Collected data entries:
Segment Open

(* Necessary condition: if U 4-majorizes V, no entry of V exceeds an upper
   bound M of U.  Otherwise exp(k t) with k large makes the single term
   exp(k v) outweigh the whole sum over U. *)
Lemma maj_upper_bound (U V : list R) (M : R) :
  (forall f, four_diff_nonneg f -> sumf f U >= sumf f V) ->
  (forall u, In u U -> u <= M) -> forall v, In v V -> v <= M.
Proof.
  intros Hmaj HU v Hv. destruct (Rle_lt_dec v M) as [| HvM]; [assumption | exfalso].
  set (n := INR (length U)). set (k := (n + 1) / (v - M)).
  assert (Hn : 0 <= n) by apply pos_INR.
  assert (Hk : 0 < k) by (apply Rdiv_lt_0_compat; lra).
  specialize (Hmaj _ (exp_test_function k)).
  assert (Hupper : sumf (fun t => exp (k * t)) U <= n * exp (k * M)).
  { apply sumf_le_const. intros u Hu.
    destruct (Rmult_le_compat_l k u M ltac:(lra) (HU u Hu)) as [Hlt | ->]; [|lra].
    left. apply exp_increasing, Hlt. }
  assert (Hlower : exp (k * v) <= sumf (fun t => exp (k * t)) V)
    by (apply (sumf_ge_member (fun t => exp (k * t))); [intros; left; apply exp_pos | exact Hv]).
  assert (Ev : exp (k * v) = exp (k * M) * exp (n + 1)).
  { rewrite <- exp_plus. f_equal. unfold k. field. lra. }
  assert (Hbig : 1 + (n + 1) < exp (n + 1)) by (apply exp_ineq1; lra).
  assert (n * exp (k * M) < exp (k * M) * exp (n + 1))
    by (pose proof (exp_pos (k * M)); nra).
  lra.
Qed.

(* The symmetrised vector (L, -rev L); for L = [x; y; z] this is
   [x; y; z; -z; -y; -x]. *)
Definition symm (L : list R) : list R := L ++ rev (map Ropp L).

Lemma sumf_symm (g : R -> R) (L : list R) :
  sumf g (symm L) = sumf g L + sumf (fun w => g (- w)) L.
Proof. unfold symm. rewrite sumf_app, sumf_rev, sumf_map. reflexivity. Qed.

Lemma moment_symm (k : nat) (L : list R) : moment k (symm L) = (1 + (-1) ^ k) * moment k L.
Proof.
  unfold moment. rewrite sumf_symm, (sumf_ext_in (fun w => (- w) ^ k) (fun w => (-1) ^ k * w ^ k)),
    sumf_scal.
  - ring.
  - intros w _. rewrite <- Rpow_mult_distr. f_equal. ring.
Qed.

Lemma equal_moments3_symm (X A : list R) :
  moment 0 X = moment 0 A -> moment 2 X = moment 2 A -> equal_moments3 (symm X) (symm A).
Proof.
  intros H0 H2 k Hk. rewrite !moment_symm.
  destruct k as [|[|[|[|k]]]]; [rewrite H0 | | rewrite H2 | | lia]; simpl; ring.
Qed.

Lemma kernel_symm_nonneg (L : list R) (t : R) :
  (forall w, In w L -> 0 <= w) -> 0 <= t -> kernel (symm L) t = kernel L t.
Proof.
  intros HL Ht. unfold kernel. rewrite sumf_symm.
  rewrite (sumf_ext_in (fun w => pos_cube (- w - t)) (fun _ => 0)), sumf_zero; [ring|].
  intros w Hw. apply pos_cube_of_nonpos. pose proof (HL w Hw). lra.
Qed.

Lemma kernel_symm_neg (L : list R) (t : R) :
  (forall w, In w L -> 0 <= w) -> 0 <= t ->
  kernel (symm L) (- t) = kernel L t + sumf (fun w => 2 * t ^ 3 + 6 * t * w ^ 2) L.
Proof.
  intros HL Ht. unfold kernel. rewrite sumf_symm, <- !sumf_add. apply sumf_ext_in.
  intros w Hw. pose proof (HL w Hw).
  rewrite (pos_cube_of_nonneg (w - - t)), (pos_cube_reflect (- w - - t)) by lra.
  replace (- (- w - - t)) with (w - t) by ring. ring.
Qed.

Lemma kernel_symm_le (X A : list R) :
  (forall w, In w X -> 0 <= w) -> (forall w, In w A -> 0 <= w) ->
  moment 0 X = moment 0 A -> moment 2 X = moment 2 A ->
  (forall t, 0 <= t -> kernel A t <= kernel X t) ->
  forall s, kernel (symm A) s <= kernel (symm X) s.
Proof.
  intros HX HA H0 H2 HK s. destruct (Rle_lt_dec 0 s) as [Hs | Hs].
  - rewrite !kernel_symm_nonneg by assumption. apply HK, Hs.
  - replace s with (- (- s)) by ring. rewrite !kernel_symm_neg by (assumption || lra).
    assert (E : forall L, sumf (fun w => 2 * (- s) ^ 3 + 6 * (- s) * w ^ 2) L
                          = 2 * (- s) ^ 3 * moment 0 L + 6 * (- s) * moment 2 L).
    { intro L. rewrite (sumf_ext_in _ (fun w => 2 * (- s) ^ 3 + 0 * w + 6 * (- s) * w ^ 2 + 0 * w ^ 3)),
        sumf_cubic by (intros; ring). ring. }
    rewrite !E, H0, H2. specialize (HK (- s) ltac:(lra)). lra.
Qed.

(* For m >= 0, gcub m t = 2t^3 - 3mt^2 decreases on [0, m] and increases on
   [m, oo).  Equal power sums of orders 2 and 3 give equal sums of gcub m for
   every m: this one-parameter family drives all the comparisons below. *)
Definition gcub (m t : R) : R := 2 * t ^ 3 - 3 * m * t ^ 2.

Lemma gcub_balance (x y z a b c m : R) :
  x ^ 2 + y ^ 2 + z ^ 2 = a ^ 2 + b ^ 2 + c ^ 2 ->
  x ^ 3 + y ^ 3 + z ^ 3 = a ^ 3 + b ^ 3 + c ^ 3 ->
  gcub m x + gcub m y + gcub m z = gcub m a + gcub m b + gcub m c.
Proof.
  intros h2 h3. unfold gcub.
  assert (m * (x ^ 2 + y ^ 2 + z ^ 2) = m * (a ^ 2 + b ^ 2 + c ^ 2)) by (rewrite h2; reflexivity).
  lra.
Qed.

Lemma gcub_min (m p : R) : 0 <= m -> 0 <= p -> gcub m m <= gcub m p.
Proof.
  intros. unfold gcub.
  assert (0 <= (p - m) ^ 2 * (2 * p + m)) by (apply Rmult_le_pos; [apply pow2_ge_0 | lra]).
  lra.
Qed.

Lemma gcub_incr_strict (m p q : R) : 0 <= m -> m <= q -> q < p -> gcub m q < gcub m p.
Proof.
  intros. unfold gcub.
  assert (0 < (p - q) * ((p - q) * (2 * p + q) + 3 * (q - m) * (p + q)))
    by (apply Rmult_lt_0_compat; nra).
  lra.
Qed.

Lemma gcub_incr (m p q : R) : 0 <= m -> m <= q -> q <= p -> gcub m q <= gcub m p.
Proof.
  intros Hm Hmq [Hqp | ->]; [left; apply gcub_incr_strict; assumption | lra].
Qed.

Lemma gcub_decr_strict (m p q : R) : 0 <= p -> p < q -> q <= m -> gcub m q < gcub m p.
Proof.
  intros. unfold gcub.
  assert (0 < (q - p) * ((q - p) * (2 * p + q) + 3 * (m - q) * (p + q)))
    by (apply Rmult_lt_0_compat; nra).
  lra.
Qed.

Lemma interlacing (x y z a b c : R) :
  0 <= z -> z <= y -> y <= x -> 0 <= c -> c <= b -> b <= a -> a <= x ->
  x ^ 2 + y ^ 2 + z ^ 2 = a ^ 2 + b ^ 2 + c ^ 2 ->
  x ^ 3 + y ^ 3 + z ^ 3 = a ^ 3 + b ^ 3 + c ^ 3 ->
  y <= b /\ c <= z.
Proof.
  intros. split.
  - destruct (Rle_lt_dec y b) as [| Hby]; [assumption | exfalso].
    pose proof (gcub_balance x y z a b c c H6 H7).
    pose proof (gcub_incr c x a ltac:(lra) ltac:(lra) ltac:(lra)).
    pose proof (gcub_incr_strict c y b ltac:(lra) ltac:(lra) Hby).
    pose proof (gcub_min c z ltac:(lra) ltac:(lra)).
    lra.
  - destruct (Rle_lt_dec c z) as [| Hzc]; [assumption | exfalso].
    pose proof (gcub_balance x y z a b c b H6 H7).
    pose proof (gcub_incr b x a ltac:(lra) ltac:(lra) ltac:(lra)).
    pose proof (gcub_min b y ltac:(lra) ltac:(lra)).
    pose proof (gcub_decr_strict b z c ltac:(lra) Hzc ltac:(lra)).
    lra.
Qed.

(* (u - y)^2 / (u (u - z)) is nondecreasing in u >= y. *)
Lemma cube_ratio_mono (u a y z : R) : 0 <= z -> z <= y -> y <= a -> a <= u ->
  (a - y) ^ 2 * (u * (u - z)) <= (u - y) ^ 2 * (a * (a - z)).
Proof.
  intros.
  assert ((a - y) * u <= (u - y) * a) by nra.
  assert ((a - y) * (u - z) <= (u - y) * (a - z)) by nra.
  assert (((a - y) * u) * ((a - y) * (u - z)) <= ((u - y) * a) * ((u - y) * (a - z)))
    by (apply Rmult_le_compat; nra).
  lra.
Qed.

(* Cauchy mean-value type bounds comparing increments of (u - y)^3 with
   increments of gcub z u: from a to x (below), and from y to b (above). *)
Lemma secant_lower (x a y z : R) : 0 <= z -> z <= y -> y <= a -> a <= x ->
  (a - y) ^ 2 * (gcub z x - gcub z a) <= 2 * ((x - y) ^ 3 - (a - y) ^ 3) * (a * (a - z)).
Proof.
  intros.
  set (G := fun u => (a - y) ^ 2 * (gcub z u - gcub z a) - 2 * ((u - y) ^ 3 - (a - y) ^ 3) * (a * (a - z))).
  set (dG := fun u => (a - y) ^ 2 * (6 * u ^ 2 - 6 * z * u) - 6 * (u - y) ^ 2 * (a * (a - z))).
  assert (HG : forall u, is_derive G u (dG u))
    by (intro u; unfold G, dG, gcub; auto_derive; [exact I | ring]).
  assert (G x <= G a).
  { apply (nonincreasing_of_deriv G dG); [assumption | intros; eapply continuity_of_is_derive, HG |].
    intros u Hu. split; [apply HG|]. unfold dG.
    pose proof (cube_ratio_mono u a y z ltac:(lra) ltac:(lra) ltac:(lra) ltac:(lra)). lra. }
  unfold G in *. lra.
Qed.

Lemma secant_upper (b y z : R) : 0 <= z -> z <= y -> y <= b ->
  2 * (b - y) * (b * (b - z)) <= gcub z b - gcub z y.
Proof.
  intros. unfold gcub.
  assert (0 <= y * (b - y) * (y - z)) by (apply Rmult_le_pos; [apply Rmult_le_pos |]; lra).
  assert (0 <= (b - y) ^ 2 * (2 * y - z)) by (apply Rmult_le_pos; [apply pow2_ge_0 | lra]).
  lra.
Qed.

Segment Closed

* [Work order]
Looking only at the entries, count the lines that contain the word "Hmaj", then state that count and nothing else.

* [Answer box]
2